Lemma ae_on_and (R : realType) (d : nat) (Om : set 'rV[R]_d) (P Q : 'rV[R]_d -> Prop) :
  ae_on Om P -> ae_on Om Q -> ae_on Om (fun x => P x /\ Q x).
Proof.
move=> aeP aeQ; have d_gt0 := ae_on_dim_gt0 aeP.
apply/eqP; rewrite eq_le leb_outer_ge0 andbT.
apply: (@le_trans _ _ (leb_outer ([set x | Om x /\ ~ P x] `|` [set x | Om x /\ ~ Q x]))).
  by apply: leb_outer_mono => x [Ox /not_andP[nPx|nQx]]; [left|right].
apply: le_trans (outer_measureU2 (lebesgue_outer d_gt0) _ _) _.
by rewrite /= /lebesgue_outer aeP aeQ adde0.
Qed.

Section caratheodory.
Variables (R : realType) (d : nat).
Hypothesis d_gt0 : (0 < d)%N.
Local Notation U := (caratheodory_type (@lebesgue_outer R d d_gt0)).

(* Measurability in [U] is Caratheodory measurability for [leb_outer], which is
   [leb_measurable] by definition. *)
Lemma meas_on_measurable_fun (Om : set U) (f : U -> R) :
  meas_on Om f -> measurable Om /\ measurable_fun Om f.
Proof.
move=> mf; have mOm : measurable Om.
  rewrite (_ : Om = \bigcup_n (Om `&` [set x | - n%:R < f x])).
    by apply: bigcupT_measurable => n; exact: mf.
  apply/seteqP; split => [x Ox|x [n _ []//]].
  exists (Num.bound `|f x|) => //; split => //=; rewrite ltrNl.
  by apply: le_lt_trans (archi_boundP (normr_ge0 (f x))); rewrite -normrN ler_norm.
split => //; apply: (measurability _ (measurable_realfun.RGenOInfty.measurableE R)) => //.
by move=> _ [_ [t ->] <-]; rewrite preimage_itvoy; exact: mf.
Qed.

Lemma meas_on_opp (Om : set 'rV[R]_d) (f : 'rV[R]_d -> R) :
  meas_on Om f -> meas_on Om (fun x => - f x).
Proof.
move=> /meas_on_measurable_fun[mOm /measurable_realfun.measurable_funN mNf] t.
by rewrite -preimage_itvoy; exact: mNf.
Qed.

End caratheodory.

________

Task directions: Write the records out once more. Change nothing.

Written response:
Lemma ae_on_and (R : realType) (d : nat) (Om : set 'rV[R]_d) (P Q : 'rV[R]_d -> Prop) :
  ae_on Om P -> ae_on Om Q -> ae_on Om (fun x => P x /\ Q x).
Proof.
move=> aeP aeQ; have d_gt0 := ae_on_dim_gt0 aeP.
apply/eqP; rewrite eq_le leb_outer_ge0 andbT.
apply: (@le_trans _ _ (leb_outer ([set x | Om x /\ ~ P x] `|` [set x | Om x /\ ~ Q x]))).
  by apply: leb_outer_mono => x [Ox /not_andP[nPx|nQx]]; [left|right].
apply: le_trans (outer_measureU2 (lebesgue_outer d_gt0) _ _) _.
by rewrite /= /lebesgue_outer aeP aeQ adde0.
Qed.

Section caratheodory.
Variables (R : realType) (d : nat).
Hypothesis d_gt0 : (0 < d)%N.
Local Notation U := (caratheodory_type (@lebesgue_outer R d d_gt0)).

(* Measurability in [U] is Caratheodory measurability for [leb_outer], which is
   [leb_measurable] by definition. *)
Lemma meas_on_measurable_fun (Om : set U) (f : U -> R) :
  meas_on Om f -> measurable Om /\ measurable_fun Om f.
Proof.
move=> mf; have mOm : measurable Om.
  rewrite (_ : Om = \bigcup_n (Om `&` [set x | - n%:R < f x])).
    by apply: bigcupT_measurable => n; exact: mf.
  apply/seteqP; split => [x Ox|x [n _ []//]].
  exists (Num.bound `|f x|) => //; split => //=; rewrite ltrNl.
  by apply: le_lt_trans (archi_boundP (normr_ge0 (f x))); rewrite -normrN ler_norm.
split => //; apply: (measurability _ (measurable_realfun.RGenOInfty.measurableE R)) => //.
by move=> _ [_ [t ->] <-]; rewrite preimage_itvoy; exact: mf.
Qed.

Lemma meas_on_opp (Om : set 'rV[R]_d) (f : 'rV[R]_d -> R) :
  meas_on Om f -> meas_on Om (fun x => - f x).
Proof.
move=> /meas_on_measurable_fun[mOm /measurable_realfun.measurable_funN mNf] t.
by rewrite -preimage_itvoy; exact: mNf.
Qed.

End caratheodory.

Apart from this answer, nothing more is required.